We know that \[\cos(3\times 18^\circ)=\cos 54^\circ=\sin(90^\circ-54^\circ)=\sin 36^\circ=\sin(2 \times 18^\circ).\] So \(\theta=18^\circ\) satisfies \[\cos 3\theta=\sin2\theta.\]

By expressing \(\cos 3\theta\) and \(\sin 2\theta\) in terms of trigonometrical functions of \(\theta\), show that \(\sin 18^\circ\) is a root of the equation \[4x^2+2x-1=0,\] …
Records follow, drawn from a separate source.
Lemma p2_threshold_le : 2 * p2 R n * N + 2 * (2 * L) <= 6 * (q * L).
Proof.
have L_ge1 := ln_nat_ge1; have [mu_ge _] := andP mu_bounds.
have q_ge1 : 1 <= q by apply: powR_natr_ge1; lra.
have a_ge1 : 1 <= powR N (2 / 5) by apply: powR_natr_ge1; lra.
have p2N : p2 R n * N <= q.
  rewrite /p2 mulrC ler_pdivrMr; last by lra.
  by rewrite -[leLHS]powR_two_fifths_mul_three_fifths [leLHS]mulrC ler_wpM2l ?powR_ge0.
have qL_ge : q <= q * L by rewrite ler_peMr //; lra.
have qL_ge' : L <= q * L by rewrite ler_peMl //; lra.
lra.
Qed.

Lemma two_expR_N2ln_le : 2 * expR (- (2 * L)) <= powR N (- 1).
Proof.
rewrite /powR gt_eqF ?natr_n_gt0 // mulN1r (_ : - L = - (2 * L) + L); last by ring.
rewrite expRD lnK ?posrE ?natr_n_gt0 // mulrC ler_wpM2l ?expR_ge0 //.
by rewrite (ler_nat R 2 n) (leq_trans _ n_ge4).
Qed.

Lemma cost_le_of_small_samples (e : rel 'I_n) (S1 S2 : {set 'I_n}) :
  symmetric e -> irreflexive e -> gconnected e ->
  #|S1|%:R <= 40 * (q * L ^+ 2) -> #|S2|%:R <= 6 * (q * L) ->
  cost R e S1 S2 <= 200 * (nedges e)%:R * q * L ^+ 2.
Proof.
move=> e_sym e_irr e_conn S1_le S2_le.
set m : R := (nedges e)%:R; set Q := q * L ^+ 2.
have L_ge1 := ln_nat_ge1; have N_ge1 := natr_n_ge1.
have q_ge1 : 1 <= q by apply: powR_natr_ge1; lra.
have Q_ge1 : 1 <= Q by rewrite -[1]mulr1 ler_pM // expr_ge1 //; lra.
have N_le_2m : N <= 2 * m.
  by rewrite -natrM ler_nat nodes_le_2edges // (leq_trans _ n_ge4).
have m_le : m <= m * Q by rewrite ler_peMr //; lra.
have steps134 := @cost_steps134_le R n e e_sym e_irr S2.
rewrite natrD natrM [(8 * _)%:R]natrM -/m in steps134.
have step2 : #|S1|%:R * (n + nedges e)%:R <= (40 * Q) * (3 * m).
  by rewrite natrD; apply: ler_pM; rewrite ?ler0n //; lra.
have step5 : #|S2|%:R * (m + N * L + N) <= (6 * (q * L)) * (5 * (m * L)).
  have NL_le : N * L <= 2 * m * L by rewrite ler_wpM2r //; lra.
  have m_leL : m <= m * L by rewrite ler_peMr ?ler0n.
  by apply: ler_pM; rewrite ?ler0n ?addr_ge0 ?mulr_ge0 ?ler0n //; lra.
rewrite (_ : 6 * _ * _ = 30 * (m * Q)) in step5; last by rewrite /Q; ring.
rewrite (_ : 40 * Q * _ = 120 * (m * Q)) in step2; last by ring.
rewrite (_ : 200 * m * q * L ^+ 2 = 200 * (m * Q)); last by rewrite /Q; ring.
rewrite /cost /cost_step2 /cost_step5 -/m; lra.
Qed.

End LargeN.

Theorem lemma9 (R : realType) :
  exists (C c : R) (k n0 : nat), 0 < C /\ 0 < c /\
    forall (n : nat) (e : rel 'I_n),
      (n0 <= n)%N -> symmetric e -> irreflexive e -> gconnected e ->
      1 - powR (n%:R : R) (- c) <=
      @Pr_samples R n (fun S1 S2 =>
        @cost R n e S1 S2 <= C * (nedges e)%:R * powR (n%:R : R) (3 / 5)
                          * ln (n%:R : R) ^+ k).
Proof.
exists 200, 1, 2%N, 4%N; split; first lra; split; first lra.
move=> n e n_ge4 e_sym e_irr e_conn.
set L := ln (n%:R : R); set q := powR (n%:R : R) (3 / 5).
have p1_01 := p1_itv R n; have p2_01 := p2_itv R n.
have small_samples (S1 S2 : {set 'I_n}) :
    ~~ (40 * (q * L ^+ 2) < #|S1|%:R) -> ~~ (6 * (q * L) < #|S2|%:R) ->
    cost R e S1 S2 <= 200 * (nedges e)%:R * q * L ^+ 2.
  by rewrite -!leNgt; apply: cost_le_of_small_samples.
rewrite /Pr_samples; apply: le_trans (prod_weight_union_bound
  (bern_set_ge0 p1_01) (bern_set_ge0 p2_01) (bern_set_sum1 _ _) (bern_set_sum1 _ _)
  small_samples).
have tail1 := bern_set_tail p1_01 (p1_threshold_le R n_ge4).
have tail2 := bern_set_tail p2_01 (p2_threshold_le R n_ge4).
have := two_expR_N2ln_le R n_ge4; rewrite -/L; lra.
Qed.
We can express both \(\cos3\theta\) and \(\sin2\theta\) in terms of just \(s = \sin\theta\) and \(c = \cos\theta\).

We’ll use the identities \[\sin2\theta=2sc,\] \[\cos2\theta=1-2s^2\] and \[\cos(\alpha+\beta)=\cos\alpha\cos\beta-\sin\alpha\sin\beta.\]

We have \[\cos3\theta=\cos(2\theta+\theta)=\cos(2\theta) c-\sin(2\theta) s = (1-2s^2)c - 2scs = c(1-4s^2).\]
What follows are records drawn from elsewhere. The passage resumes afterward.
(* Induction through the Schur complement of the head pivot; a zero pivot
   already makes [e_0] a kernel vector. *)
Lemma psd_subr_diag_singular m (K : 'M[C]_m.+1) : psd K ->
  exists D : 'M[C]_m.+1, [/\ is_diag D, psd (K - D) &
    exists2 x : 'cV[C]_m.+1, x != 0 & (K - D) *m x = 0].
Proof.
elim: m K => [|m IH] K hK.
  exists K; split; first by move=> i j; rewrite !ord1 eqxx.
    by rewrite subrr; exact: psd0.
  exists (const_mx 1); last by rewrite subrr mul0mx.
  by apply/eqP => /matrixP/(_ 0 0); rewrite !mxE => /eqP; rewrite oner_eq0.
have [K00|K00] := eqVneq (K 0 0) 0.
  exists 0; split; first by move=> i j _; rewrite mxE.
    by rewrite subr0.
  exists (delta_mx 0 0).
    by apply/eqP => /matrixP/(_ 0 0); rewrite !mxE !eqxx => /eqP; rewrite oner_eq0.
  rewrite subr0 -colE; apply/matrixP => i j.
  by rewrite !mxE -(hermitian_conj _ _ hK.1) (psd_row_eq0 _ hK K00) conjc0.
have [D' [hD' hpsd' [y y_neq0 hy]]] := IH _ (psd_schur hK K00).
have D'_herm : Defs.hermitian D'.
  rewrite -[D'](subKr (schur K)).
  by apply: hermitianB; [exact: hermitian_schur hK.1 | exact: hpsd'.1].
have KD00 : (K - pad0_mx D') 0 0 = K 0 0 by rewrite !mxE unlift_none subr0.
have KD_herm : Defs.hermitian (K - pad0_mx D').
  by apply: hermitianB; [exact: hK.1 | exact: hermitian_pad0].
exists (pad0_mx D'); split; first exact: is_diag_pad0.
  apply: psd_of_schur => //; last by rewrite schurB_pad0.
  by rewrite KD00 lt_def K00 psd_diag_ge0.
have KD00_neq0 : (K - pad0_mx D') 0 0 != 0 by rewrite KD00.
exists (schur_ext (K - pad0_mx D') y).
  apply: contraNneq y_neq0 => e.
  by rewrite -(tail_schur_ext (K - pad0_mx D') y) e; apply/eqP/matrixP => i j; rewrite !mxE.
apply/matrixP => i j; rewrite [j]ord1 [RHS]mxE.
case: (unliftP ord0 i) => [i'|] ->; last exact: mulmx_schur_ext0.
have := schur_mulmx (schur_ext (K - pad0_mx D') y) i' KD00_neq0.
by rewrite tail_schur_ext schurB_pad0 hy mulmx_schur_ext0 // mulr0 subr0 mxE.
Qed.
(* Let $k\geq p\geq 0$ and $n\geq 2k-p+2$ be integers, and let $G$ be an $(n+p+2)$-closed balanced bipartite graph of order $2n$. If $$e(G)>n(n-k+p-1)+(k+2)(k-p+1),$$ then $G$ contains a complete bipartite subgraph of order $2n-k+p$. Furthermore, if $\delta(G)\geq k$, then $K_{n,n-k+p}\subseteq G$, or $k=p+2$ and $G\in\{N_{n,n}^{p,1},N_{n,n}^{p,2}\}$.
   Context: A bipartite graph $G=(X,Y;E)$ is balanced if $|X|=|Y|$. For an integer $r$, $G$ is $r$-closed if $d_G(x)+d_G(y)<r$ for every non-adjacent pair $x\in X$, $y\in Y$. $e(G)$ is the number of edges, $\delta(G)$ the minimum degree; $K_{a,b}\subseteq G$ means $G$ has a subgraph isomorphic to the complete bipartite graph $K_{a,b}$; $G\in\{\dots\}$ means up to isomorphism. $N_{n,n}^{p,1}$: parts $X=X_1\cup X_2\cup X_3$, $Y=Y_1\cup Y_2\cup Y_3$, $|X_1|=|Y_1|=n-p-2$, $|X_2|=|Y_2|=p+1$, $|X_3|=|Y_3|=1$; edges are all pairs between $X_i$ and $Y_i$ ($i=1,2,3$), between $X_1$ and $Y_2$, between $X_2$ and $Y_1\cup Y_3$, and between $X_3$ and $Y_2$. $N_{n,n}^{p,2}$: parts $X=X_1\cup X_2\cup X_3$, $Y=Y_1\cup Y_2\cup Y_3$, $|X_1|=|Y_1|=n-p-3$, $|X_2|=|Y_2|=p+2$, $|X_3|=|Y_3|=1$; edges are all pairs between $X_1$ and $Y_1$, between $X_2$ and $Y_2$, between $X_1$ and $Y_2$, between $X_2$ and $Y_1\cup Y_3$, and between $X_3$ and $Y_2$ (no edge between $X_3$ and $Y_3$). *)

(* A balanced bipartite graph G = (X,Y;E) of order 2n is
   represented with X = 'I_n, Y = 'I_n and adjacency G : 'I_n -> 'I_n -> bool,
   where G x y means x in X is adjacent to y in Y. *)
From mathcomp Require Import all_boot all_order all_fingroup.
Set Implicit Arguments. Unset Strict Implicit. Unset Printing Implicit Defensive.

Definition bigraph (n : nat) := 'I_n -> 'I_n -> bool.

Definition degX n (G : bigraph n) (x : 'I_n) : nat := #|[set y | G x y]|.
Definition degY n (G : bigraph n) (y : 'I_n) : nat := #|[set x | G x y]|.

Definition nedges n (G : bigraph n) : nat := #|[set e : 'I_n * 'I_n | G e.1 e.2]|.

Definition closed_bip (r : nat) n (G : bigraph n) : Prop :=
  forall x y, ~~ G x y -> degX G x + degY G y < r.

Definition mindeg_ge n (G : bigraph n) (k : nat) : Prop :=
  (forall x, k <= degX G x) /\ (forall y, k <= degY G y).

Definition complete_on n (G : bigraph n) (A B : {set 'I_n}) : Prop :=
  forall x y, x \in A -> y \in B -> G x y.

Definition has_Kbip_order n (G : bigraph n) (m : nat) : Prop :=
  exists A B : {set 'I_n}, complete_on G A B /\ #|A| + #|B| = m.

(* K_{a,b} is a subgraph of G (either orientation, as K_{a,b} ~ K_{b,a}) *)
Definition has_Kab n (G : bigraph n) (a b : nat) : Prop :=
  exists A B : {set 'I_n}, complete_on G A B /\
    ((#|A| = a /\ #|B| = b) \/ (#|A| = b /\ #|B| = a)).

Definition bip_iso n (G H : bigraph n) : Prop :=
  exists s t : {perm 'I_n},
    (forall x y, G x y = H (s x) (t y)) \/ (forall x y, G x y = H (t y) (s x)).

(* N^{p,1}_{n,n}: X1 = {i < n-p-2}, X2 = {n-p-2 <= i < n-1}, X3 = {n-1}, same for Y *)
Definition cls1 (n p : nat) (i : nat) : nat :=
  if i < n - p - 2 then 1 else if i < n - 1 then 2 else 3.
Definition N1 (n p : nat) : bigraph n := fun x y =>
  let a := cls1 n p x in let b := cls1 n p y in
  [|| (a == b), (a == 1) && (b == 2), (a == 2) && (b == 1),
      (a == 2) && (b == 3) | (a == 3) && (b == 2)].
So if \(\sin2\theta-\cos3\theta=0\), we have \(2sc-c(1-4s^2)=0\), or \(c(4s^2+2s-1)=0.\)

Now we know that \(\sin(18^\circ)\) is a solution to this equation, and so \(\sin(18^\circ)\) is a root of \(4x^2+2x-1=0\), since \(\cos18^\circ\ne0\).

Hence find its value as a surd.

We complete the square in order to find the roots of \(4x^2+2x-1\) in surd form. We have \[4x^2+2x-1=\left(2x+\frac{1}{2}\right)^2-\frac{5}{4}=0,\] so that \[2x+\frac{1}{2}=\pm\frac{\sqrt{5}}{2},\] and we have \[x=\frac{-1\pm\sqrt{5}}{4}.\] Finally, we must choose whether we need a plus or a minus sign to find the root corresponding to \(\sin18^\circ\). We know that \(\sin18^\circ>0\), so we choose the plus sign. So we have that \[\sin18^\circ=\frac{-1+\sqrt{5}}{4}.\]
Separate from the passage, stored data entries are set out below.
Lemma integral_mul_scale_from_preimages (Y h h' : Om -> R) (k : R) :
  measurable_fun setT Y -> (forall w, 0 <= Y w)%R ->
  measurable_fun setT h -> (forall w, 0 <= h w)%R ->
  measurable_fun setT h' -> (forall w, 0 <= h' w)%R -> (0 <= k)%R ->
  (forall U, measurable U -> \int[P]_(w in Y @^-1` U) (h w)%:E
       = k%:E * \int[P]_(w in Y @^-1` U) (h' w)%:E) ->
  \int[P]_w (h w * Y w)%:E = k%:E * \int[P]_w (h' w * Y w)%:E.
Proof.
move=> mY Y0 mh h0 mh' h'0 k0 hk.
have approx_eq n : \int[P]_w (h w * approx n (Y w))%:E =
    k%:E * \int[P]_w (h' w * approx n (Y w))%:E.
  rewrite !integral_mul_nnsfun_comp // ge0_mule_fsumr; last first.
    move=> r; have [r0|r0] := leP 0%R r.
      by rewrite mule_ge0 ?lee_fin // integral_ge0 // => w _; rewrite lee_fin.
    by rewrite preimage_nnfun0 // preimage_set0 integral_set0 mule0.
  apply: eq_fsbigr => r _; rewrite hk ?measurable_funPTI //; exact: muleCA.
rewrite (integral_mul_approx mY) // (integral_mul_approx mY) //.
under eq_fun do rewrite approx_eq.
rewrite limeMl //; apply: ereal_nondecreasing_is_cvgn => m n mn.
apply: ge0_le_integral => //.
- by move=> w _; rewrite lee_fin mulr_ge0.
- by apply/measurable_EFinP/measurable_funM => //; exact: measurableT_comp.
- by apply/measurable_EFinP/measurable_funM => //; exact: measurableT_comp.
- by move=> w _; exact: nd_approx.
Qed.
End integral_mul_rv.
Find all solutions between \(0^\circ\) and \(360^\circ\) of the equation \[4\tan 2x=\cot x.\]

We play a similar game here to that of the first part of the question. Firstly, we can write \[\tan x=\frac{s}{c}, \quad \cot x=\frac{1}{\tan x}=\frac{c}{s},\] so the equation we need to solve becomes \[4\frac{\sin(2x)}{\cos(2x)}=\frac{c}{s} \implies 4\sin(2x)s-\cos(2x)c=0 \implies 8s^2c-(1-2s^2)c=0 \implies (10s^2-1)c=0.\] So we have that \(\cos x=0\) solves this, which gives us the values \(x=90^\circ, 270^\circ\) between \(0^\circ\) and \(360^\circ\). We also have that \[\sin x=\pm\frac{1}{\sqrt{10}}\] is a solution, so that \(x=\sin^{-1}(\pm1/\sqrt{10})\) are also solutions. To work out how many solutions between \(0^\circ\) and \(360^\circ\), consider

We see that \(\sin x=\pm1/\sqrt{10}\) four times between \(0^\circ\) and \(360^\circ\).

Using a calculator, one finds that \(\sin^{-1}(1/\sqrt{10})=18.4^\circ\) to one decimal place. From the symmetries of sine, we see that the other angles are then \(180^\circ-18.4^\circ=161.6^\circ\), \(180^\circ+18.4^\circ=198.4^\circ\) and \(360^\circ-18.4^\circ=341.6^\circ\), giving us six solutions in total.